The world’s second-largest economy expanded 3.2 percent from April through June compared to the same period last year, Chinese officials said on Thursday. It was an abrupt turnaround from the January through March quarter, when the economy shrank 6.8 percent, the first contraction that China has acknowledged in nearly half a century.

The recovery points to the authoritarian government’s success in bringing the coronavirus outbreak under control with widespread testing and travel restrictions, after its early missteps delayed the response and fed public anger.

But the economic rebound also reflects the government’s continued reliance on spending on the building of highways and rail lines and other infrastructure projects to juice the economy, rather than on domestic consumption.

That approach raises questions about whether China’s economic turnaround can be sustained, and whether it can become the engine needed to drive the global economy out of a slump.

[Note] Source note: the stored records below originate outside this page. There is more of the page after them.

(* Spectral thresholding of a splitting S = S1 (+) S2 at level t > 0: the
   eigen-directions of S2 with eigenvalue above t are moved to the first
   summand. *)
Lemma spectral_threshold (R : realType) m (S S1 S2 : 'M[R]_m) (t : R) :
  0 < t -> cov_splitting S S1 S2 ->
  exists T1 T2 : 'M[R]_m, [/\ cov_splitting S T1 T2,
    (\rank T1)%:R <= (\rank S1)%:R + \tr (S2 *m S2) / t ^+ 2,
    \tr S2 - \tr (S2 *m S2) / t <= \tr T2 <= \tr S2,
    opnorm T2 <= t /\ (0 < \tr T2 -> 0 < opnorm T2)
  & \tr (T2 *m T2) <= \tr (S2 *m S2) /\ (0 < \tr T2 -> 0 < \tr (T2 *m T2))].
Proof.
move=> t_gt0 splitS; have [_ _ psdS2 _] := splitS.
have [Q [d [QQ d_ge0 S2E]]] := psd_spectral psdS2; rewrite S2E in splitS *.
pose above := [pred i | t < d 0 i].
pose low := mask (predC above) d.
have low_ge0 i : 0 <= low 0 i by rewrite mxE; case: ifP.
have low_le i : low 0 i <= d 0 i by rewrite mxE; case: ifP.
have low_bound i : `|low 0 i| <= t.
  by rewrite ger0_norm // mxE /=; case: ltP => //= _; exact: ltW.
have low_pos : 0 < \tr (odiag Q low) -> exists i, 0 < low 0 i.
  rewrite tr_odiag // => sum_gt0; apply/existsP; apply: contraLR sum_gt0.
  by move=> /existsPn none; rewrite -leNgt sumr_le0 // => i _; rewrite leNgt none.
exists (S1 + odiag Q (mask above d)), (odiag Q low); split.
- exact: cov_splitting_move.
- have rank_T1 : (\rank (S1 + odiag Q (mask above d))%R <= \rank S1 + #|above|)%N.
    apply: leq_trans (mxrank_add _ _) _; rewrite leq_add2l.
    apply: leq_trans (rank_odiag _ _) (subset_leq_card _).
    by apply/fintype.subsetP => i; rewrite !inE mxE; case: ifP; rewrite ?eqxx.
  apply: le_trans (_ : (\rank S1 + #|above|)%N%:R <= _); first by rewrite ler_nat.
  by rewrite natrD lerD2l tr_odiag_sqr //; exact: card_gt_le_sumsq.
- rewrite !tr_odiag // tr_odiag_sqr // sum_mask (bigID above) /=.
  apply/andP; split; last by rewrite lerDr sumr_ge0.
  by rewrite lerBlDr addrC lerD2l; exact: sum_gt_le_sumsq.
- split; first exact: opnorm_odiag_le (ltW t_gt0) low_bound.
  move=> /low_pos [i low_i_gt0].
  by apply: lt_le_trans (opnorm_odiag_ge QQ i (ltW t_gt0) low_bound); rewrite gtr0_norm.
- split.
    rewrite !tr_odiag_sqr //; apply: ler_sum => i _.
    by rewrite ler_sqr ?nnegrE ?low_ge0 ?d_ge0 ?low_le.
  move=> /low_pos [i low_i_gt0]; rewrite tr_odiag_sqr // (bigD1 i) //=.
  by rewrite ltr_pwDl ?exprn_gt0 // sumr_ge0 // => j _; exact: sqr_ge0.
Qed.
Lemma graded_mulmx m l n (dt : 'I_m -> int) (dm : 'I_l -> int) (ds : 'I_n -> int)
    k1 k2 A B :
  graded dt dm k1 A -> graded dm ds k2 B -> graded dt ds (k1 + k2) (A *m B).
Proof.
move=> gA gB i j ABij.
have /existsP [l' ABl] : [exists l', A i l' * B l' j != 0].
  apply: contraR ABij => /existsPn AB0; rewrite mxE big1 // => l' _.
  by apply/eqP; have := AB0 l'; rewrite negbK.
have Ail : A i l' != 0 by apply: contraNneq ABl => ->; rewrite mul0r.
have Blj : B l' j != 0 by apply: contraNneq ABl => ->; rewrite mulr0.
by rewrite (gA _ _ Ail) (gB _ _ Blj) -addrA (addrC k2).
Qed.

Lemma graded_mxpow n (d : 'I_n -> int) k (A : 'M[R]_n) i :
  graded d d k A -> graded d d (k * i%:Z) (mxpow A i).
Proof.
move=> gA; elim: i => [|i IH] /=; first by rewrite mulr0; apply: graded1.
by rewrite intS mulrDr mulr1; apply: graded_mulmx gA IH.
Qed.

Lemma graded_odd_eq0 m n (dt : 'I_m -> int) (ds : 'I_n -> int) k A :
  (forall i, (2 %| dt i)%Z) -> (forall j, (2 %| ds j)%Z) -> ~~ (2 %| k)%Z ->
  graded dt ds k A -> A = 0.
Proof.
move=> dt_even ds_even k_odd gA; apply/matrixP => i j; rewrite mxE.
apply/eqP; apply: contraNT k_odd => /gA dij.
move: (dt_even i) (ds_even j); rewrite dij => /dvdzP [a ha] /dvdzP [b hb].
by apply/dvdzP; exists (a - b); rewrite mulrBl -ha -hb addrAC subrr add0r.
Qed.

Lemma graded_row_mx m n1 n2 (dt : 'I_m -> int) (ds : 'I_(n1 + n2) -> int) k
    (A : 'M[R]_(m, n1)) (B : 'M[R]_(m, n2)) :
  graded dt (fun j => ds (lshift n2 j)) k A ->
  graded dt (fun j => ds (rshift n1 j)) k B -> graded dt ds k (row_mx A B).
Proof.
move=> gA gB i j; rewrite -(splitK j); case: (split j) => j' /=.
  by rewrite row_mxEl => /gA.
by rewrite row_mxEr => /gB.
Qed.

Lemma graded_col_mx m1 m2 n (dt : 'I_(m1 + m2) -> int) (ds : 'I_n -> int) k
    (A : 'M[R]_(m1, n)) (B : 'M[R]_(m2, n)) :
  graded (fun i => dt (lshift m2 i)) ds k A ->
  graded (fun i => dt (rshift m1 i)) ds k B -> graded dt ds k (col_mx A B).
Proof.
move=> gA gB i j; rewrite -(splitK i); case: (split i) => i' /=.
  by rewrite col_mxEu => /gA.
by rewrite col_mxEd => /gB.
Qed.

(* [tdeg C] is convertible to [tot_deg (sdegC C) (sdegR C)]. *)
Definition tot_deg m p (dC : 'I_m -> int) (dR : 'I_p -> int) (i : 'I_(m + m + p)) :=
  match split i with
  | inl a => match split a with inl x => dC x | inr x => dC x + 1 end
  | inr y => dR y
  end.

Lemma tot_deg_C m p dC dR (x : 'I_m) :
  @tot_deg m p dC dR (lshift p (lshift m x)) = dC x.
Proof. by rewrite /tot_deg !(unsplitK (inl _ _)). Qed.

Lemma tot_deg_C1 m p dC dR (x : 'I_m) :
  @tot_deg m p dC dR (lshift p (rshift m x)) = dC x + 1.
Proof. by rewrite /tot_deg (unsplitK (inl _ _)) (unsplitK (inr _ _)). Qed.

Lemma tot_deg_R m p dC dR (y : 'I_p) : @tot_deg m p dC dR (rshift (m + m) y) = dR y.
Proof. by rewrite /tot_deg (unsplitK (inr _ _)). Qed.

Lemma graded_smxE m1 m2 p1 p2 (dC1 : 'I_m1 -> int) (dR1 : 'I_p1 -> int)
    (dC2 : 'I_m2 -> int) (dR2 : 'I_p2 -> int) k
    (a1 a2 a3 : 'M[R]_(m1, m2)) (a4 : 'M[R]_(m1, p2))
    (a5 : 'M[R]_(p1, m2)) (a6 : 'M[R]_(p1, p2)) :
  graded (tot_deg dC1 dR1) (tot_deg dC2 dR2) k (smx a1 a2 a3 a4 a5 a6) <->
  [/\ graded dC1 dC2 k a1, graded (fun i => dC1 i + 1) dC2 k a2,
      graded (fun i => dC1 i + 1) (fun j => dC2 j + 1) k a3,
      graded (fun i => dC1 i + 1) dR2 k a4 &
      graded dR1 dC2 k a5 /\ graded dR1 dR2 k a6].
Proof.
split=> [g|[g1 g2 g3 g4 [g5 g6]]].
  split; last split; move=> i j.
  - by move: (g (lshift p1 (lshift m1 i)) (lshift p2 (lshift m2 j)));
      rewrite /smx !block_mxEul !tot_deg_C.
  - by move: (g (lshift p1 (rshift m1 i)) (lshift p2 (lshift m2 j)));
      rewrite /smx !block_mxEul block_mxEdl tot_deg_C1 tot_deg_C.
  - by move: (g (lshift p1 (rshift m1 i)) (lshift p2 (rshift m2 j)));
      rewrite /smx !block_mxEul block_mxEdr !tot_deg_C1.
  - by move: (g (lshift p1 (rshift m1 i)) (rshift (m2 + m2) j));
      rewrite /smx !block_mxEur col_mxEd tot_deg_C1 tot_deg_R.
  - by move: (g (rshift (m1 + m1) i) (lshift p2 (lshift m2 j)));
      rewrite /smx !block_mxEdl row_mxEl tot_deg_R tot_deg_C.
  - by move: (g (rshift (m1 + m1) i) (rshift (m2 + m2) j));
      rewrite /smx !block_mxEdr !tot_deg_R.
rewrite /smx /block_mx; apply: graded_col_mx; apply: graded_row_mx.
- apply: graded_col_mx; apply: graded_row_mx.
  + by move=> i j; rewrite !tot_deg_C; apply: g1.
  + exact: graded0.
  + by move=> i j; rewrite tot_deg_C1 tot_deg_C; apply: g2.
  + by move=> i j; rewrite !tot_deg_C1; apply: g3.
- apply: graded_col_mx; first exact: graded0.
  by move=> i j; rewrite tot_deg_C1 tot_deg_R; apply: g4.
- apply: graded_row_mx; last exact: graded0.
  by move=> i j; rewrite tot_deg_R tot_deg_C; apply: g5.
- by move=> i j; rewrite !tot_deg_R; apply: g6.
Qed.

End GradedMaps.

Section SComplexes.
Variable R : comPzRingType.
Notation graded := (@graded_hom R).

Lemma tot_dE (C : SData R) :
  tot_d C = smx (sd C) (sv C) (- sd C) (sdelta2 C) (sdelta1 C) (sr C).
Proof. by []. Qed.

The Shanghai and Shenzhen stock markets in China fell 4.8 percent on Thursday as investors concluded that economic growth had become too dependent on government stimulus.

“It’s all investment,” said Hong Hao, the chief strategist at Bank of Communications International. “Consumption, which is the most sustainable part of growth, is doing much less, so therefore the market sees it as a weakness in economic health.”

China has built ghost cities in the past to juice its economic-output metrics, and it’s not above building more to keep up the appearance of competence. The problem is that it spends money on non-productive efforts without solving the underlying problems. We have a robust debate over government intervention here too, but so far the relief packages that have passed have skipped over the non-sequiturish infrastructure projects and have aimed spending at payroll support. That has resulted in a fresh burst of consumption, the kind of stimulus needed in an acute economic crisis. China’s actions suggest that their leaders either don’t recognize that issue or simply have no means with which to address it.

That’s what makes the pressure on Huawei so important right now. China desperately needs revenue to boost consumption as well as tentacles into Western communications. It’s about to suffer a big loss on both fronts as well as an international humiliation that won’t sell well at home at all. That could tip China even further into the recession it is clearly suffering at the moment. At some point, Xi Jinping may need to finally call a truce in the trade war, if one is even possible any longer.